The Prince of Egypt may just be worth sitting through to catch the Red Sea sequence — but not necessarily because of the parting of the sea itself, though that’s nicely done. No, what impressed me was the range of emotions flashing across Moses’ face. With the Pharoah’s army approaching, and the Hebrew people looking to him for guidance, Moses turns to the sea, looks to the heavens, and in his eyes we see a flicker of doubt, then a leap of faith, then a becalmed oneness with his God. It’s a great, understated moment, far more subtle than anything Charlton Heston came up with at this crucial stage in Moses’ career.

The moment stands out all the more because the rest of Prince of Egypt is frantic and loud, as if it were afraid to lose you — or as if disproving our suspicions that this Biblical film, the first major cartoon feature by DreamWorks, would be reverent and dead. The movie isn’t irreverent, but it’s too alive: too much jostling and running around, not enough genuine awe. The movie’s rhythm is set early on, when the infant Moses’ floating basket encounters a series of lethal obstacles — it’s like Baby Indiana Jones and the River of Doom. The teen Moses is introduced to us in the middle of a rip-snorting chariot race with his brother Rameses; the horses gallop over rickety bridges and fall over towering sand dunes. Boy, these Egyptian heirs to the throne — they work hard and they play hard.

The story of Moses is the primal story of self-discovery: When faced with the cruelty of the Egyptians towards the Hebrew slaves, Moses feels compassion that he can’t possibly understand. We know why, of course, and part of the appeal of this story is watching Moses peel off his luxurious false self and find the harder road to his true destiny. What’s most disappointing about Prince of Egypt, which clocks in at a mere 99 minutes, is that the journey is telescoped; it seems too fast and unearned, and nothing has any gravity. Some stories need an epic length, so that changes in character come gradually. Cecil B. DeMille’s 1956 The Ten Commandments weighs in at three hours and forty minutes, and we get much more of a sense of what Moses is giving up (in Prince of Egypt, for instance, there’s no tempting Nefretiri).

In this telling, Moses and Rameses are two fun-loving young guys, friendly competitors, until Moses becomes the leader of the Hebrews and brings plagues down on Egypt. Where’s the fraternal resentment we remember so well between Moses and Rameses in Ten Commandments? Rameses is the first-born (and also the Pharoah’s only true son), yet the Pharoah loves Moses more no matter how hard Rameses tries — that should be the angle, but Prince of Egypt muffles it. There are no villains here — we’re told that the Egyptian leaders are acting out of the only tradition they know — and this is a hell of a time for DreamWorks to try ambiguity. Are the filmmakers trying to avoid awkward moments for adoptive parents taking their adopted kids to the movie?

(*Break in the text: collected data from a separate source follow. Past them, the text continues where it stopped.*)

Lemma spectral_data_S_of (L : X -> X) (lam : K) (u : X) (phi : X -> K) :
  bounded_op L -> simple_isolated_eigenvalue L lam ->
  L u = lam *: u -> bounded_form phi ->
  (forall x, phi (L x) = lam * phi x) -> phi u = 1 ->
  spectral_data L lam u phi (S_of L lam u phi).
Proof.
move=> bL [u0 [_ [Lu0 [G [[_ _ _ _] [Gdec [_ [Gsurj [C hC]]]]]]]]] Lu bphi phiL phiu.
have [lL _] := bL; have [lphi [F hF]] := bphi.
have phiG g : G g -> phi g = 0.
  by move=> /Gsurj [h [_ <-]]; rewrite linear_formB // linear_formZ // phiL subrr.
have injG g : G g -> L g - lam *: g = 0 -> g = 0.
  by move=> Gg h0; apply: nX_le0; have := hC g Gg; rewrite h0 nX0 mulr0.
have phi_u0 : phi u0 != 0.
  have [[c g] /= [Gg ug]] := Gdec u.
  have g0 : g = 0.
    apply: injG => //; have : L u - lam *: u = 0 by rewrite Lu subrr.
    rewrite ug (linear_opD lL) (linear_opZ lL) Lu0 scalerA mulrC -scalerA scalerDr.
    by rewrite opprD addrACA subrr add0r.
  apply/eqP => h0; move: phiu; rewrite ug g0 addr0 linear_formZ // h0 mulr0.
  by move/eqP; rewrite eq_sym oner_eq0.
have kerG x : phi x = 0 -> G x.
  move=> px; have [[c g] /= [Gg xg]] := Gdec x.
  rewrite xg; suff -> : c = 0 by rewrite scale0r add0r.
  move: px; rewrite xg linear_formD // linear_formZ // (phiG _ Gg) addr0 => /eqP.
  by rewrite mulf_eq0 (negPf phi_u0) orbF => /eqP.
have hS x : phi (S_of L lam u phi x) = 0 /\
    shift_op L lam (S_of L lam u phi x) = x - phi x *: u.
  have : exists y, phi y = 0 /\ L y - lam *: y = Defs.pi_of u phi x.
    have : G (x - phi x *: u).
      by apply: kerG; rewrite linear_formB // linear_formZ // phiu mulr1 subrr.
    by move=> /Gsurj [z [Gz hz]]; exists z; split => //; apply: phiG.
  exact: xgetPex.
constructor => // [y py|]; first exact/injG/kerG.
exists (`|C| * (1 + `|F| * nX u)) => x.
have [p1 p2] := hS x.
apply: le_trans (hC _ (kerG _ p1)) _; rewrite [_ - _]p2.
apply: le_trans (ler_wpM2r (nX_ge0 _) (ler_norm C)) _.
have -> : `|C| * (1 + `|F| * nX u) * nX x = `|C| * (nX x + `|F| * nX u * nX x) by ring.
rewrite ler_wpM2l //; apply: le_trans (ler_nX_subZ _ _ _) _.
rewrite lerD2l mulrAC ler_wpM2r ?nX_ge0 //.
by apply: le_trans (hF x) _; rewrite ler_wpM2r ?nX_ge0 ?ler_norm.
Qed.

Variables (L : X -> X) (lam : K) (u : X) (phi : X -> K) (S : X -> X).
Hypothesis sd : spectral_data L lam u phi S.

Local Notation P := (P_of u phi).
Local Notation N := (shift_op L lam).

Let lL := (sd_bounded sd).1.
Let lphi := (sd_form sd).1.

Lemma shift_op_linear : is_linear_map +%R *:%R N.
Proof.
move=> a x y; rewrite /shift_op (linear_opD lL) (linear_opZ lL) scalerDr scalerA.
by rewrite mulrC -scalerA opprD addrACA -scalerBr.
Qed.

Lemma P_linear : is_linear_map +%R *:%R P.
Proof. by move=> a x y; rewrite /P_of linear_formD // linear_formZ // scalerDl scalerA. Qed.

Lemma phi_S x : phi (S x) = 0.
Proof. by have [] := sd_reduced sd x. Qed.

Lemma shift_S x : N (S x) = x - P x.
Proof. by have [] := sd_reduced sd x. Qed.

Lemma S_unique x y : phi y = 0 -> N y = x - P x -> S x = y.
Proof.
move=> phiy Ny; apply/eqP; rewrite -subr_eq0; apply/eqP; apply: (sd_injective sd).
  by rewrite linear_formB // phi_S phiy subrr.
by rewrite (linear_opB shift_op_linear) shift_S Ny subrr.
Qed.

Lemma S_linear : is_linear_map +%R *:%R S.
Proof.
move=> a x y; apply: S_unique; first by rewrite linear_formD // linear_formZ // !phi_S mulr0 addr0.
rewrite shift_op_linear !shift_S /P_of linear_formD // linear_formZ //.
by rewrite scalerBr scalerA scalerDl opprD addrACA.
Qed.

Lemma phi_shift x : phi (N x) = 0.
Proof. by rewrite /shift_op linear_formB // linear_formZ // (sd_eigform sd) subrr. Qed.

Lemma P_shift x : P (N x) = 0.
Proof. by rewrite /P_of phi_shift scale0r. Qed.

Lemma shift_P x : N (P x) = 0.
Proof. by rewrite /P_of (linear_opZ shift_op_linear) /shift_op (sd_eigvec sd) subrr scaler0. Qed.

Lemma P_idem x : P (P x) = P x.
Proof. by rewrite /P_of linear_formZ // (sd_normalized sd) mulr1. Qed.

Lemma P_u : P u = u.
Proof. by rewrite /P_of (sd_normalized sd) scale1r. Qed.

Lemma P_S x : P (S x) = 0.
Proof. by rewrite /P_of phi_S scale0r. Qed.

Lemma S_P x : S (P x) = 0.
Proof. by apply: S_unique; rewrite ?linear_form0 ?(linear_op0 shift_op_linear) ?P_idem ?subrr. Qed.

Lemma S_shift x : S (N x) = x - P x.
Proof.
apply: S_unique.
  by rewrite linear_formB // /P_of linear_formZ // (sd_normalized sd) mulr1 subrr.
by rewrite P_shift subr0 (linear_opB shift_op_linear) shift_P subr0.
Qed.

Lemma S_add_P_shift_add_P y : S (N y + P y) + P (N y + P y) = y.
Proof.
rewrite (linear_opD S_linear) (linear_opD P_linear) S_shift S_P P_shift P_idem.
by rewrite addr0 add0r subrK.
Qed.

Lemma nX_u_gt0 : 0 < nX u.
Proof.
rewrite lt_neqAle nX_ge0 andbT; apply/eqP => /esym /nX_eq0 u0.
by have := sd_normalized sd; rewrite u0 linear_form0 // => /eqP; rewrite eq_sym oner_eq0.
Qed.

Lemma S_bounded : bounded_op S.
Proof. by split; [exact: S_linear | exact: sd_reduced_bounded sd]. Qed.

Lemma P_bounded : bounded_op P.
Proof.
split; first exact: P_linear.
have [F hF] := (sd_form sd).2; exists (F * nX u) => x.
by rewrite /P_of nXZ mulrAC ler_wpM2r ?nX_ge0.
Qed.

Lemma opnorm_P_ge1 : 1 <= opnorm P.
Proof.
have := ler_opnorm P_bounded u; rewrite {1}/P_of (sd_normalized sd) scale1r.
by rewrite -{1}[nX u]mul1r ler_pM2r // nX_u_gt0.
Qed.

Lemma ler_phi (x : X) : nK (phi x) * nX u <= opnorm P * nX x.
Proof. by rewrite -nXZ; exact: ler_opnorm P_bounded x. Qed.

End SpectralData.

Section Perturbation.
Variables (R : realType) (b : bool) (X : completeNormedModType (scal R b)).
Local Notation K := (scal R b).
Local Notation nX := (@nX R b X).
Local Notation nK := (@nK R b).
Variables (L : X -> X) (lam : K) (u : X) (phi : X -> K) (S : X -> X).
Variables (L' : X -> X) (lam' : K) (u' : X) (phi' : X -> K) (S' : X -> X).
Hypothesis sd : spectral_data L lam u phi S.
Hypothesis sd' : spectral_data L' lam' u' phi' S'.

Local Notation P := (P_of u phi).
Local Notation P' := (P_of u' phi').
Local Notation N := (shift_op L lam).
Local Notation N' := (shift_op L' lam').
Local Notation E := (opsub L' L).
Let dl := lam' - lam.
Let F x := E x - dl *: x.

Let lphi := (sd_form sd).1.
Let lphi' := (sd_form sd').1.
Let lS' := S_linear sd'.
Let lP' := P_linear sd'.

Lemma shift_op_perturb x : N' x = N x + F x.
Proof.
rewrite /shift_op /F /opsub /dl scalerBl.
by rewrite subrACA [RHS]addrC subrK.
Qed.

Lemma P'_pi x : P' (x - P x) = - P' (F (S x)).
Proof.
by rewrite -(shift_S sd) -[N _](addrK (F (S x))) -shift_op_perturb
  (linear_opB lP') (P_shift sd') sub0r.
Qed.

Lemma P_sub_P'P x : P x - P' (P x) = S' (F (P x)).
Proof. by rewrite -(S_shift sd') shift_op_perturb (shift_P sd) add0r. Qed.

Lemma P'_sub_P x : P' x - P x = - P' (F (S x)) - S' (F (P x)).
Proof. by rewrite -P'_pi -P_sub_P'P (linear_opB lP') subrACA subrr subr0. Qed.

Lemma S'_sub_S x : S' x - S x = - S' (F (S x)) + S' (P x) - P' (S x).
Proof.
have -> : S' x = S' (P x) + S' (N (S x)).
  by rewrite (shift_S sd) -(linear_opD lS') addrC subrK.
have -> : S' (N (S x)) = S x - P' (S x) - S' (F (S x)).
  by rewrite -[N _](addrK (F (S x))) -shift_op_perturb (linear_opB lS') (S_shift sd').
rewrite -addrA [(S x - _ - _) - S x]addrAC [S x - _ - S x]addrAC subrr add0r.
by rewrite [- S' _ + S' _]addrC addrAC addrA.
Qed.

Lemma S'_P x : S' (P x) = S' (S' (F (P x))).
Proof. by rewrite -P_sub_P'P (linear_opB lS') (S_P sd') subr0. Qed.

Lemma P'_S x : P' (S x) = - P' (F (S (S x))).
Proof. by rewrite -P'_pi (P_S sd) subr0. Qed.

Lemma P'_E_u : P' (E u) = dl *: P' u.
Proof.
rewrite /P_of /opsub linear_formB // (sd_eigform sd') (sd_eigvec sd) linear_formZ //.
by rewrite -mulrBl scalerA.
Qed.

Lemma phi'_expand x : phi' x = phi x * phi' u - phi' (F (S x + P x)).
Proof.
set z := S x + P x.
have ex : x = N z + P z.
  rewrite /z (linear_opD (shift_op_linear sd)) (linear_opD (P_linear sd)).
  by rewrite (shift_S sd) (shift_P sd) (P_S sd) (P_idem sd) addr0 add0r subrK.
have phi'_N : phi' (N z) = - phi' (F z).
  by rewrite -[N z](addrK (F z)) -shift_op_perturb linear_formB // (phi_shift sd') sub0r.
have phi_z : phi z = phi x.
  by rewrite /z linear_formD // (phi_S sd) add0r /P_of linear_formZ // (sd_normalized sd) mulr1.
by rewrite {1}ex linear_formD // phi'_N /P_of linear_formZ // phi_z addrC.
Qed.

Let g := opnorm S.
Let t := opnorm P.
Let g' := opnorm S'.
Let t' := opnorm P'.
Let h := opnorm E.
Let d := nK dl.
Let a := opnorm (opsub P' P).
Let Ff := formnorm phi'.
Let w := nX (u - u').

Let bS := S_bounded sd.
Let bS' := S_bounded sd'.
Let bP := P_bounded sd.
Let bP' := P_bounded sd'.
Let bE : bounded_op E := bounded_opsub (sd_bounded sd') (sd_bounded sd).
Let bPd : bounded_op (opsub P' P) := bounded_opsub bP' bP.
Let g_ge0 : 0 <= g. Proof. exact: opnorm_ge0 bS. Qed.
Let t_ge0 : 0 <= t. Proof. exact: opnorm_ge0 bP. Qed.
Let g'_ge0 : 0 <= g'. Proof. exact: opnorm_ge0 bS'. Qed.
Let t'_ge0 : 0 <= t'. Proof. exact: opnorm_ge0 bP'. Qed.
Let h_ge0 : 0 <= h. Proof. exact: opnorm_ge0 bE. Qed.
Let a_ge0 : 0 <= a. Proof. exact: opnorm_ge0 bPd. Qed.
Let d_ge0 : 0 <= d. Proof. exact: nK_ge0 dl. Qed.
Let Ff_ge0 : 0 <= Ff. Proof. exact: formnorm_ge0 (sd_form sd'). Qed.

Lemma ler_F x : nX (F x) <= (h + d) * nX x.
Proof. by rewrite mulrDl; apply: le_trans (ler_nX_subZ _ _ _) _; rewrite lerD2r ler_opnorm. Qed.

Lemma ler_S_add_P x : nX (S x + P x) <= (g + t) * nX x.
Proof. by rewrite mulrDl; apply: le_trans (ler_nXD _ _) _; apply: lerD; exact: ler_opnorm. Qed.

Lemma ler_phi'_F x : nK (phi' (F (S x + P x))) <= Ff * (h + d) * (g + t) * nX x.
Proof.
apply: le_trans (ler_formnorm (sd_form sd') _) _; rewrite -!mulrA ler_wpM2l //.
by apply: le_trans (ler_F _) _; rewrite ler_wpM2l ?addr_ge0 ?ler_S_add_P.
Qed.

Lemma opnorm_P'_sub_P_le :
  a <= t' * h * g + d * a * g + (g' * h * t + d * g' * a).
Proof.
apply: opnorm_le => [|x]; first by nonneg.
rewrite -[opsub _ _ x]/(P' x - P x).
have -> : P' x - P x = - (P' (E (S x)) - dl *: (P' (S x) - P (S x)))
                       - (S' (E (P x)) - dl *: - S' (P' x - P x)).
  rewrite [LHS]P'_sub_P /F [in LHS](linear_opB lP') [in LHS](linear_opZ lP').
  rewrite [in LHS](linear_opB lS') [in LHS](linear_opZ lS').
  by rewrite (P_S sd) subr0 (linear_opB lS' (P' x)) (S_P sd') sub0r opprK.
rewrite -opprD nXN !mulrDl; apply: le_trans (ler_nXD _ _) _.
apply: lerD; apply: le_trans (ler_nX_subZ _ _ _) _; apply: lerD.
- exact: ler_opnorm3 bP' bE bS x.
- by rewrite -!mulrA ler_wpM2l // mulrA; exact: ler_opnorm2 bPd bS x.
- exact: ler_opnorm3 bS' bE bP x.
- by rewrite nXN -!mulrA ler_wpM2l // mulrA; exact: ler_opnorm2 bS' bPd x.
Qed.

Lemma opnorm_S'_sub_S_le : opnorm (opsub S' S) <=
  g' * h * g + d * (g' * g) + (g' * g' * h * t + d * (g' * g' * a))
  + (t' * h * g * g + d * (a * g * g)).
Proof.
apply: opnorm_le => [|x]; first by nonneg.
rewrite -[opsub _ _ x]/(S' x - S x).
have -> : S' x - S x = - (S' (E (S x)) - dl *: S' (S x))
    + (S' (S' (E (P x))) - dl *: - S' (S' (P' x - P x)))
    + (P' (E (S (S x))) - dl *: (P' (S (S x)) - P (S (S x)))).
  have S'_P' : S' (P x) = - S' (P' x - P x).
    by rewrite (linear_opB lS' (P' x)) (S_P sd') sub0r opprK.
  rewrite S'_sub_S S'_P P'_S opprK /F (linear_opB lS' (E (S x))) (linear_opZ lS').
  rewrite (linear_opB lS' (E (P x))) (linear_opZ lS' dl (P x)) S'_P'.
  rewrite (linear_opB lS' (S' (E (P x)))) (linear_opZ lS') (linear_opN lS').
  by rewrite (linear_opB lP' (E (S (S x)))) (linear_opZ lP') (P_S sd) subr0.
rewrite !mulrDl; apply: le_trans (ler_nXD _ _) _; apply: lerD.
  apply: le_trans (ler_nXD _ _) _; rewrite nXN; apply: lerD.
    apply: le_trans (ler_nX_subZ _ _ _) _; apply: lerD; first exact: ler_opnorm3 bS' bE bS x.
    by rewrite -!mulrA ler_wpM2l // mulrA; exact: ler_opnorm2 bS' bS x.
  apply: le_trans (ler_nX_subZ _ _ _) _; apply: lerD.
    exact: ler_opnorm4 bS' bS' bE bP x.
  by rewrite nXN -!mulrA ler_wpM2l // !mulrA; exact: ler_opnorm3 bS' bS' bPd x.
apply: le_trans (ler_nX_subZ _ _ _) _; apply: lerD; first exact: ler_opnorm4 bP' bE bS bS x.
by rewrite -!mulrA ler_wpM2l // !mulrA; exact: ler_opnorm3 bPd bS bS x.
Qed.

Lemma ler_eigenvalue_shift : d * (1 - a) <= t' * h.
Proof.
have u_gt0 := nX_u_gt0 sd; rewrite -(ler_pM2r u_gt0).
have P'u_ge : nX u - a * nX u <= nX (P' u).
  have : nX (P' u - P u) <= a * nX u := ler_opnorm bPd u.
  rewrite (P_u sd) nX_subC.
  by have := ler_nXB u (u - P' u); rewrite subKr; lra.
apply: le_trans (_ : d * nX (P' u) <= _).
  by rewrite -mulrA mulrBl mul1r ler_wpM2l.
by rewrite -nXZ -P'_E_u; exact: ler_opnorm2 bP' bE u.
Qed.

Lemma phi'_u_eq : phi' u = 1 + phi' (u - u').
Proof. by rewrite linear_formB // (sd_normalized sd') addrC subrK. Qed.

Lemma ler_phi'_u : nK (phi' u) <= 1 + Ff * w.
Proof.
rewrite phi'_u_eq; apply: le_trans (ler_nKD _ _) _.
by rewrite nK1 lerD2l; exact: ler_formnorm (sd_form sd') _.
Qed.

Lemma ger_phi'_u : 1 - Ff * w <= nK (phi' u).
Proof.
have := ler_nKD (phi' u) (- phi' (u - u')); rewrite phi'_u_eq addrK nK1 nKN.
by have := ler_formnorm (sd_form sd') (u - u'); rewrite -phi'_u_eq -/Ff -/w; lra.
Qed.

Lemma ler_phi'_mul_u x :
  nK (phi' x) * nX u <= (t * (1 + Ff * w) + Ff * (h + d) * (g + t) * nX u) * nX x.
Proof.
have expand : nK (phi' x) <= nK (phi x) * nK (phi' u) + nK (phi' (F (S x + P x))).
  by rewrite phi'_expand -nKM; apply: le_trans (ler_nKD _ _) _; rewrite nKN.
apply: le_trans (ler_wpM2r (nX_ge0 u) expand) _.
have -> : (t * (1 + Ff * w) + Ff * (h + d) * (g + t) * nX u) * nX x =
    t * nX x * (1 + Ff * w) + Ff * (h + d) * (g + t) * nX x * nX u by ring.
rewrite mulrDl mulrAC; apply: lerD; last exact/ler_wpM2r/ler_phi'_F/nX_ge0.
apply: ler_pM; rewrite ?mulr_ge0 ?nK_ge0 ?nX_ge0 //; [exact: ler_phi sd x | exact: ler_phi'_u].
Qed.

Lemma ler_formnorm_phi' :
  Ff * nX u <= t * (1 + Ff * w) + Ff * (h + d) * (g + t) * nX u.
Proof.
have u_gt0 := nX_u_gt0 sd; have w_ge0 : 0 <= w := nX_ge0 _.
rewrite -ler_pdivlMr //; apply: formnorm_le => [|x].
  by nonneg.
by rewrite -(ler_pM2r u_gt0) mulrAC divfK ?gt_eqF // ler_phi'_mul_u.
Qed.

Technically, the movie is proficient. I’d put it up against Disney’s recent stuff. But here, DreamWorks is trying too hard to beat Disney at its own game: The tone is textbook Disney, from the comic-relief characters (Steve Martin and Martin Short) to the pastoral images giving way to big musical numbers (which are generally duds). Of the celebrity voices, only Sandra Bullock and Jeff Goldblum (as Moses’ true siblings) really stand out — mainly because they don’t sound like they belong in this setting. The credits tell us that Moses is voiced by Val Kilmer, but it could be anyone. And Moses is drawn as a Disney hero, too — strapping body, eager face-splitting grin, basically Aladdin with a beard. God knows DeMille’s epic wasn’t art, but it was a glorious wedge of Biblical cheese. Given a choice between DeMille’s form of show-biz pomp and Disney’s (copied here by DreamWorks), I prefer DeMille’s. Prince of Egypt is hyperactive and visually busy without being much fun — at least not as much fun as hearing Yul Brynner intone “Zo let it be written, zo let it be done,” or watching Anne Baxter bat her eyes at the mud-stiffened Charlton Heston.